Saved data entries
= Beginning of Section =
Lemma psi_inv_stepS fs om E r s : psi_inv (rcons fs om) E -> std_fact om r s ->
  olt (Some s) (oidx fs (size fs)) -> odd (size r) ->
  psi_inv (rcons fs r) (s ++ E) /\ psi_step_props (rcons fs om) E (s ++ E) s (KS r s).
Proof.
case; rewrite odd_uniq_lfact_rcons oidx_rcons last_rcons.
move=> /and4P[Ofs Lom oom om_fs] E_prev tail st s_prev or; have [eom _ _ _ _] := st.
have [r_om om_s] := std_fact_lt Lom st.
have es : ~~ oddw s by move: oom; rewrite /oddw eom size_cat oddD or.
have [tail' head_s] := tail_split_push Lom st es tail.
split.
  split; rewrite ?oidx_rcons ?last_rcons //; last first.
    by apply: olt_oidx_cat E_prev; rewrite ?odd_uniq_lfact_lyndon.
  rewrite odd_uniq_lfact_rcons Ofs (std_fact_lyndon Lom st) /oddw or /=.
  by apply/allP=> x /(allP om_fs); apply: lexlt_trans r_om.
rewrite /psi_step_props /new_fact take_rcons_pred oidx_rcons_last.
do 2!split=> //; split=> [_ _ [_ <-]|fsE HsE].
  by split=> //=; rewrite lexle_prefix (lexlt_trans r_om om_s).
by rewrite (head_s _ HsE) leqnn (tail_split_even tail' HsE).
Qed.

Lemma psi_inv_stepP fs om E r s : psi_inv (rcons fs om) E -> std_fact om r s ->
  olt (Some s) (oidx fs (size fs)) -> ~~ odd (size r) ->
  psi_inv (rcons fs s) (r ++ E) /\ psi_step_props (rcons fs om) E (r ++ E) r (KP r s).
Proof.
case; rewrite odd_uniq_lfact_rcons oidx_rcons last_rcons.
move=> /and4P[Ofs Lom oom om_fs] E_prev tail st s_prev er; have [eom _ _ Ls _] := st.
have Lr := std_fact_lyndon Lom st.
have [r_om om_s] := std_fact_lt Lom st.
have os : oddw s by move: oom; rewrite /oddw eom size_cat oddD (negbTE er).
have E_s := tail_split_lt_std Lom st os tail.
have rE_s : lexlt (r ++ E) s by apply: lexlt_cat_lyndon; rewrite ?(lexlt_trans r_om om_s).
have /and3P[Lfs _ _] := Ofs; have s_fs := olt_last_lfact Lfs s_prev.
have r_fs : all (lexlt r) fs by apply/allP=> x /(allP om_fs); apply: lexlt_trans r_om.
have Ev := lfact_cat_even Lr er (tail_split_even tail).
split.
  split; rewrite ?oidx_rcons ?last_rcons ?odd_uniq_lfact_rcons ?Ofs ?Ls ?os ?s_fs //.
    by apply: olt_oidx_cat E_prev; rewrite ?odd_uniq_lfact_lyndon ?olt_oidx.
  by apply: tail_split_lt => // fsE /Ev[].
rewrite /psi_step_props /new_fact take_rcons_pred oidx_rcons_last.
by do 2!split=> //; split=> // [_ _ [<- <-]].
Qed.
= End of Section =
Required work:
The answer should be an exact copy of the data.

Output:
Lemma psi_inv_stepS fs om E r s : psi_inv (rcons fs om) E -> std_fact om r s ->
  olt (Some s) (oidx fs (size fs)) -> odd (size r) ->
  psi_inv (rcons fs r) (s ++ E) /\ psi_step_props (rcons fs om) E (s ++ E) s (KS r s).
Proof.
case; rewrite odd_uniq_lfact_rcons oidx_rcons last_rcons.
move=> /and4P[Ofs Lom oom om_fs] E_prev tail st s_prev or; have [eom _ _ _ _] := st.
have [r_om om_s] := std_fact_lt Lom st.
have es : ~~ oddw s by move: oom; rewrite /oddw eom size_cat oddD or.
have [tail' head_s] := tail_split_push Lom st es tail.
split.
  split; rewrite ?oidx_rcons ?last_rcons //; last first.
    by apply: olt_oidx_cat E_prev; rewrite ?odd_uniq_lfact_lyndon.
  rewrite odd_uniq_lfact_rcons Ofs (std_fact_lyndon Lom st) /oddw or /=.
  by apply/allP=> x /(allP om_fs); apply: lexlt_trans r_om.
rewrite /psi_step_props /new_fact take_rcons_pred oidx_rcons_last.
do 2!split=> //; split=> [_ _ [_ <-]|fsE HsE].
  by split=> //=; rewrite lexle_prefix (lexlt_trans r_om om_s).
by rewrite (head_s _ HsE) leqnn (tail_split_even tail' HsE).
Qed.

Lemma psi_inv_stepP fs om E r s : psi_inv (rcons fs om) E -> std_fact om r s ->
  olt (Some s) (oidx fs (size fs)) -> ~~ odd (size r) ->
  psi_inv (rcons fs s) (r ++ E) /\ psi_step_props (rcons fs om) E (r ++ E) r (KP r s).
Proof.
case; rewrite odd_uniq_lfact_rcons oidx_rcons last_rcons.
move=> /and4P[Ofs Lom oom om_fs] E_prev tail st s_prev er; have [eom _ _ Ls _] := st.
have Lr := std_fact_lyndon Lom st.
have [r_om om_s] := std_fact_lt Lom st.
have os : oddw s by move: oom; rewrite /oddw eom size_cat oddD (negbTE er).
have E_s := tail_split_lt_std Lom st os tail.
have rE_s : lexlt (r ++ E) s by apply: lexlt_cat_lyndon; rewrite ?(lexlt_trans r_om om_s).
have /and3P[Lfs _ _] := Ofs; have s_fs := olt_last_lfact Lfs s_prev.
have r_fs : all (lexlt r) fs by apply/allP=> x /(allP om_fs); apply: lexlt_trans r_om.
have Ev := lfact_cat_even Lr er (tail_split_even tail).
split.
  split; rewrite ?oidx_rcons ?last_rcons ?odd_uniq_lfact_rcons ?Ofs ?Ls ?os ?s_fs //.
    by apply: olt_oidx_cat E_prev; rewrite ?odd_uniq_lfact_lyndon ?olt_oidx.
  by apply: tail_split_lt => // fsE /Ev[].
rewrite /psi_step_props /new_fact take_rcons_pred oidx_rcons_last.
by do 2!split=> //; split=> // [_ _ [<- <-]].
Qed.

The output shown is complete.